Effective Attention-Based Mechanism for Masked Face Recognition
Round 1
Reviewer 1 Report
The manuscript proposes a variety of depth learning methods based on convolution block attention module (CBAM) and angle edge arc loss. In this model, CBAM is combined with convolutional neural network (CNNs) to extract the feature map of the input image, especially the feature map of the periocular region.
The method is evaluated by the famous mask image LFW, agedb-30, CFP FP and real mask image MFR2 validation data sets. Many experiments show that this method provides an improvement for MFR com-22, which is compared with the most advanced method at present.
- Introduction to the manuscript. In order to better guide readers to read the article, it is suggested to add some content to the introduction part of the manuscript and arrange the rest of the manuscript. Please refer the recent papers: Chenggang Yan, Biao Gong, Yuxuan Wei, Yue Gao, “Deep Multi-View Enhancement Hashing for Image Retrieval”, IEEE Transactions on Pattern Analysis and Machine Intelligence, 2020.Chenggang Yan, Zhisheng Li, Yongbing Zhang, Yutao Liu, Xiangyang Ji, Yongdong Zhang, “Depth image denoising using nuclear norm and learning graph model”, ACM Transactions on Multimedia Computing Communications and Applications 2020.Chenggang Yan, Yiming Hao, Liang Li, Jian Yin, Anan Liu, Zhendong Mao, Zhenyu Chen, Xingyu Gao, “Task-Adaptive Attention for Image Captioning”, IEEE Transactions on Circuits and Systems for Video Technology, 2021. Chenggang Yan, Tong Teng, Yutao Liu, Yongbing Zhang, Haoqian Wang, Xiangyang Ji, “Precise No-Reference Image Quality Evaluation Based on Distortion Identification”, ACM Transactions on Multimedia Computing Communications and Applications 2021.Chenggang Yan, Lixuan Meng, Liang Li, Jiehua Zhang, Jian Yin, Jiyong Zhang, Zhan Wang, Bolun Zheng, “Age-Invariant Face Recognition By Multi-Feature Fusion and Decomposition with Self-Attention”, ACM Transactions on Multimedia Computing Communications and Applications 2021
- About the picture annotation of the manuscript. In order to make readers better distinguish between the text and notes, it is suggested that the font of the notes part of the manuscript is different from that of the text part, which can remind readers and make the boundary of the article clearer.
- The manuscript proposes an MFR method based on deep learning network structure. The method focuses on the unobstructed information part of the mask (i.e. the area around the eyes) based on the attention module and the missing arc of the corner edge.
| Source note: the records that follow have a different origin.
(* Let $\mathbf{k}$ be a commutative domain of characteristic zero, and let $\omega=xy-(\phi(x)+y\psi(x))\in\mathcal{T}$ with $\phi,\psi\in\mathbf{k}[x]$. The following are equivalent: (a) for every $\lambda\in\mathbf{k}$ and every commutative Rota-Baxter $\mathbf{k}$-algebra $(R,P)$ of weight $\lambda$, the $\omega$-cover $\widetilde{P}$ of $P$ on the $\lambda$-Hurwitz series algebra $(R^{\mathbb{N}},\partial_R)$ is again a Rota-Baxter operator of weight $\lambda$; (b) $\omega\in\mathcal{T}_{\mathbf{k}}:=\{xy,\ xy-1,\ xy-yx\}$.
   Context: All algebras are commutative $\mathbf{k}$-algebras with identity. $\mathbf{k}\langle x,y\rangle$ is the noncommutative polynomial algebra and $\mathcal{T}:=\{xy-(\phi(x)+y\psi(x))\mid \phi,\psi\in\mathbf{k}[x]\}$. For $\lambda\in\mathbf{k}$, a Rota-Baxter operator of weight $\lambda$ on an algebra $R$ is a $\mathbf{k}$-linear $P:R\to R$ with $P(x)P(y)=P(P(x)y)+P(xP(y))+\lambda P(xy)$ for all $x,y\in R$. For an algebra $R$, $R^{\mathbb{N}}$ is the set of sequences $f=(f_n)_{n\in\mathbb N}$ in $R$ with componentwise module structure and the $\lambda$-Hurwitz product $(fg)_n=\sum_{k=0}^{n}\sum_{j=0}^{n-k}\binom{n}{k}\binom{n-k}{j}\lambda^k f_{n-j}g_{k+j}$; $\partial_R:R^{\mathbb N}\to R^{\mathbb N}$ is $(\partial_R f)_n=f_{n+1}$. Write $\phi(x)=\sum_{i=0}^r a_ix^i$, $\psi(x)=\sum_{j=0}^s b_jx^j$. Given a linear operator $P$ on $R$, the $\omega$-cover of $P$ is the unique linear operator $\widetilde P$ on $R^{\mathbb N}$ with $\widetilde P(f)_0=P(f_0)$ and $\partial_R\widetilde P=\phi(\partial_R)+\widetilde P\psi(\partial_R)$; equivalently, writing $\widetilde P_n(f):=\widetilde P(f)_n$, for all $n\ge1$: $\widetilde P_n(f)=\sum_{i=0}^r a_i f_{n-1+i}+\sum_{j=0}^s b_j\widetilde P_{n-1}(\partial_R^j f)$. *)

From HB Require Import structures.
From mathcomp Require Import all_boot all_order all_algebra.
Set Implicit Arguments. Unset Strict Implicit. Unset Printing Implicit Defensive.
Import Order.TTheory GRing.Theory Num.Theory.
Local Open Scope ring_scope.
(* Let $S\colon\{0,1\}^n\to\{0,1\}^n$ be a polynomial-size circuit that is a YES instance of \textsc{Succinct Graph Reachability}, and let $V$, $\mathrm{Enc}$, $\ell=\ell(n)$, $p=p(n)$, $\sigma^{\mathsf{start}}$, $\sigma^{\mathsf{goal}}$ be as described in the context. Then there exists a reconfiguration sequence $\sigma$ from $\sigma^{\mathsf{start}}$ to $\sigma^{\mathsf{goal}}$ over $\{0,1,\bot\}^{2\ell(n)+p(n)}$ such that $V(S)$ accepts every proof in $\sigma$ with probability $1$.
   Context: \textsc{Succinct Graph Reachability}: given a polynomial-size circuit $S\colon\{0,1\}^n\to\{0,1\}^n$ with $S(1^n)=1^n$, decide whether there is a sequence $(\alpha^{(1)},\ldots,\alpha^{(T)})$ in $\{0,1\}^n$ from $0^n$ to $1^n$ such that for all $t<T$: $\alpha^{(t)}=\alpha^{(t+1)}$ or $S(\alpha^{(t)})=\alpha^{(t+1)}$ or $S(\alpha^{(t+1)})=\alpha^{(t)}$; YES instances are those where such a sequence exists. For strings $f,g$ of equal length, $\Delta(f,g)$ is the fraction of positions where they differ; for a set $A$, $\Delta(f,A)=\min_{g\in A}\Delta(f,g)$; $f$ is $\epsilon$-close to $A$ if $\Delta(f,A)\le\epsilon$ and $\epsilon$-far otherwise. $\bot$ is a symbol distinct from $0,1$; $\circ$ denotes concatenation; $f|_I$ denotes the restriction of $f$ to positions $I$. Setting: $\mathrm{Enc}\colon\{0,1\}^n\to\{0,1\}^{\ell(n)}$, $\ell(n)=n^{1+o(1)}$, is an error-correcting code with relative distance $\rho\in(0,1)$ (i.e. $\Delta(\mathrm{Enc}(\alpha),\mathrm{Enc}(\beta))>\rho$ for $\alpha\ne\beta$), with set of codewords $\mathrm{Enc}(\cdot)$, having a local tester $M$: a probabilistic polynomial-time algorithm making $O(1)$ nonadaptive queries to $f\in\{0,1\}^{\ell(n)}$ that always accepts codewords and rejects every $f$ with probability at least $\kappa\cdot\Delta(f,\mathrm{Enc}(\cdot))$ (for a constant $\kappa>0$); when run on a string over $\{0,1,\bot\}$, $M$ rejects whenever it reads $\bot$. Let $L_{\mathrm{ckt}}(S)=\{\mathrm{Enc}(\alpha)\circ\mathrm{Enc}(\beta) : \alpha=\beta \text{ or } S(\alpha)=\beta \text{ or } S(\beta)=\alpha\}$. Let $V_{\mathrm{ckt}}$ be a smooth PCP-of-proximity verifier for the pair language $\{(S,f\circ g): f\circ g\in L_{\mathrm{ckt}}(S)\}$ with $O(\log n)$ randomness, query complexity $q$, proximity parameter $\rho/4$, soundness error $s_{\mathrm{ckt}}\in(0,1)$, and proof length $p(n)$: on explicit input $S$ it generates a query tuple $I$ into $f\circ g\circ\pi$ and a circuit $D$; if $f\circ g\in L_{\mathrm{ckt}}(S)$ some proof $\pi$ is accepted with probability $1$; if $f\circ g$ is $(\rho/4)$-far from $L_{\mathrm{ckt}}(S)$, every $\pi$ is accepted with probability $<s_{\mathrm{ckt}}$; and every position of $f\circ g\circ\pi$ is queried with the same probability. For $\mathrm{Enc}(\alpha)\circ\mathrm{Enc}(\beta)\in L_{\mathrm{ckt}}(S)$, $\Pi(\alpha,\beta)\in\{0,1\}^{p(n)}$ is a (polynomial-time computable) proof such that $V_{\mathrm{ckt}}(S)$ accepts $\mathrm{Enc}(\alpha)\circ\mathrm{Enc}(\beta)\circ\Pi(\alpha,\beta)$ with probability $1$. Verifier $V(S)$ with oracle access to $f\circ g\circ\pi\in\{0,1,\bot\}^{\ell(n)}\times\{0,1,\bot\}^{\ell(n)}\times\{0,1,\bot\}^{p(n)}$: (1) run $M$ on $f$ and on $g$; if both runs reject, reject. (2) Pick $i,j\in\{1,\ldots,\ell(n)\}$ independently and uniformly. If $f_i=\bot$ or $g_j=\bot$, accept. (3) Otherwise, run $V_{\mathrm{ckt}}(S)$ to obtain $(I,D)$; if $(f\circ g)|_I$ contains $\bot$, accept; else if $\pi|_I$ contains no $\bot$ and $D((f\circ g\circ\pi)|_I)=1$, accept; otherwise reject. Define $\sigma^{\mathsf{start}}=\mathrm{Enc}(0^n)\circ\mathrm{Enc}(0^n)\circ\Pi(0^n,0^n)$ and $\sigma^{\mathsf{goal}}=\mathrm{Enc}(1^n)\circ\mathrm{Enc}(1^n)\circ\Pi(1^n,1^n)$. A reconfiguration sequence over $\{0,1,\bot\}^N$ from $\sigma^{\mathsf{start}}$ to $\sigma^{\mathsf{goal}}$ is a finite sequence of strings in $\{0,1,\bot\}^N$ starting at $\sigma^{\mathsf{start}}$, ending at $\sigma^{\mathsf{goal}}$, with consecutive strings differing in at most one position. *)

From HB Require Import structures.
From mathcomp Require Import all_boot all_order all_algebra.
Set Implicit Arguments. Unset Strict Implicit. Unset Printing Implicit Defensive.
Import Order.TTheory GRing.Theory Num.Theory.
Local Open Scope ring_scope.

Definition bits (n : nat) := {ffun 'I_n -> bool}.
Definition zeros (n : nat) : bits n := [ffun => false].
Definition ones (n : nat) : bits n := [ffun => true].

Definition sgr_step n (S : bits n -> bits n) (a b : bits n) : bool :=
  [|| a == b, S a == b | S b == a].

Definition SGR_yes n (S : bits n -> bits n) : Prop :=
  exists s : seq (bits n), path (sgr_step S) (zeros n) s && (last (zeros n) s == ones n).

(* Positions of f o g o pi: 2l + p positions, f-part, g-part, pi-part. *)
Definition pos (l p : nat) : finType := ('I_l + 'I_l + 'I_p)%type.
Definition fgpos (l : nat) : finType := ('I_l + 'I_l)%type.

Definition cat2 (T : Type) l (f g : {ffun 'I_l -> T}) : {ffun fgpos l -> T} :=
  [ffun x : fgpos l => match x with inl i => f i | inr j => g j end].

Definition cat3 (T : Type) l p (f g : {ffun 'I_l -> T}) (pi : {ffun 'I_p -> T})
  : {ffun pos l p -> T} :=
  [ffun x : pos l p => match x with
                       | inl (inl i) => f i
                       | inl (inr j) => g j
                       | inr k => pi k end].

Definition is_fg l p (x : pos l p) : bool := if x is inl _ then true else false.
Definition is_pi l p (x : pos l p) : bool := ~~ is_fg x.

(* Strings over {0,1,bot}: None stands for bot. *)
Definition embed (T : finType) (w : {ffun T -> bool}) : {ffun T -> option bool} :=
  [ffun x => Some (w x)].

Definition reldist (R : numFieldType) (T : finType) (f g : {ffun T -> bool}) : R :=
  #|[set x | f x != g x]|%:R / #|T|%:R.

Definition prob (R : numFieldType) (Om : finType) (E : pred Om) : R :=
  #|[set w | E w]|%:R / #|Om|%:R.

Definition is_code (R : realFieldType) n l (Enc : bits n -> bits l) (rho : R) : Prop :=
  0 < rho < 1 /\ forall a b : bits n, a != b -> rho < reldist R (Enc a) (Enc b).

(* Delta(f, Enc(.)) : minimum over all codewords (all distances are <= 1). *)
Definition dist_code (R : realFieldType) n l (Enc : bits n -> bits l) (f : bits l) : R :=
  \big[Order.min/1]_(a : bits n) reldist R f (Enc a).

Definition M_acc_bin l rM (MQ : bits rM -> seq 'I_l) (MD : bits rM -> seq bool -> bool)
  (f : bits l) (r : bits rM) : bool :=
  MD r (map f (MQ r)).

Definition M_acc l rM (MQ : bits rM -> seq 'I_l) (MD : bits rM -> seq bool -> bool)
  (f : {ffun 'I_l -> option bool}) (r : bits rM) : bool :=
  all (fun i => f i != None) (MQ r) && MD r (map (fun i => odflt false (f i)) (MQ r)).

Definition is_local_tester (R : realFieldType) n l rM (Enc : bits n -> bits l)
  (kappa : R) (MQ : bits rM -> seq 'I_l) (MD : bits rM -> seq bool -> bool) : Prop :=
  0 < kappa /\
  (forall a : bits n, prob R (M_acc_bin MQ MD (Enc a)) = 1) /\
  (forall f : bits l, kappa * dist_code R Enc f <= prob R (fun r => ~~ M_acc_bin MQ MD f r)).

Definition Vckt_acc l p rV (VI : bits rV -> seq (pos l p)) (VD : bits rV -> seq bool -> bool)
  (w : {ffun pos l p -> bool}) (r : bits rV) : bool :=
  VD r (map w (VI r)).

Definition dist_Lckt (R : realFieldType) n l (S : bits n -> bits n) (Enc : bits n -> bits l)
  (fg : {ffun fgpos l -> bool}) : R :=
  \big[Order.min/1]_(ab : bits n * bits n | sgr_step S ab.1 ab.2)
     reldist R fg (cat2 (Enc ab.1) (Enc ab.2)).

Definition in_Lckt n l (S : bits n -> bits n) (Enc : bits n -> bits l)
  (fg : {ffun fgpos l -> bool}) : Prop :=
  exists a b : bits n, sgr_step S a b /\ fg = cat2 (Enc a) (Enc b).

Definition is_smooth_pcpp (R : realFieldType) n l p q rV (S : bits n -> bits n)
  (Enc : bits n -> bits l) (rho s_ckt : R)
  (VI : bits rV -> seq (pos l p)) (VD : bits rV -> seq bool -> bool) : Prop :=
  [/\
      forall r, size (VI r) = q,
      0 < s_ckt < 1,
      (forall (f g : bits l), in_Lckt S Enc (cat2 f g) ->
         exists pi : bits p, prob R (Vckt_acc VI VD (cat3 f g pi)) = 1),
      (forall (f g : bits l) (pi : bits p), rho / 4%:R < dist_Lckt R S Enc (cat2 f g) ->
         prob R (Vckt_acc VI VD (cat3 f g pi)) < s_ckt)
    &
      (forall x y : pos l p,
         prob R (fun r => x \in VI r) = prob R (fun r => y \in VI r))].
- The manuscript uses a data enhancement method to generate a new simulated mask face image from the conventional face recognition data set for model training and val evaluation. The data sets generated in this study can be https://github.com/MaskedFaceDataSet/SimulatedMaskedFaceDataset. Website access.
Author Response
Please see the attachment.
Author Response File: Author Response.pdf
Reviewer 2 Report
Dear Authors
The manuscript is interesting due to the current global concerns and it has the potential to be considered for publication in this journal.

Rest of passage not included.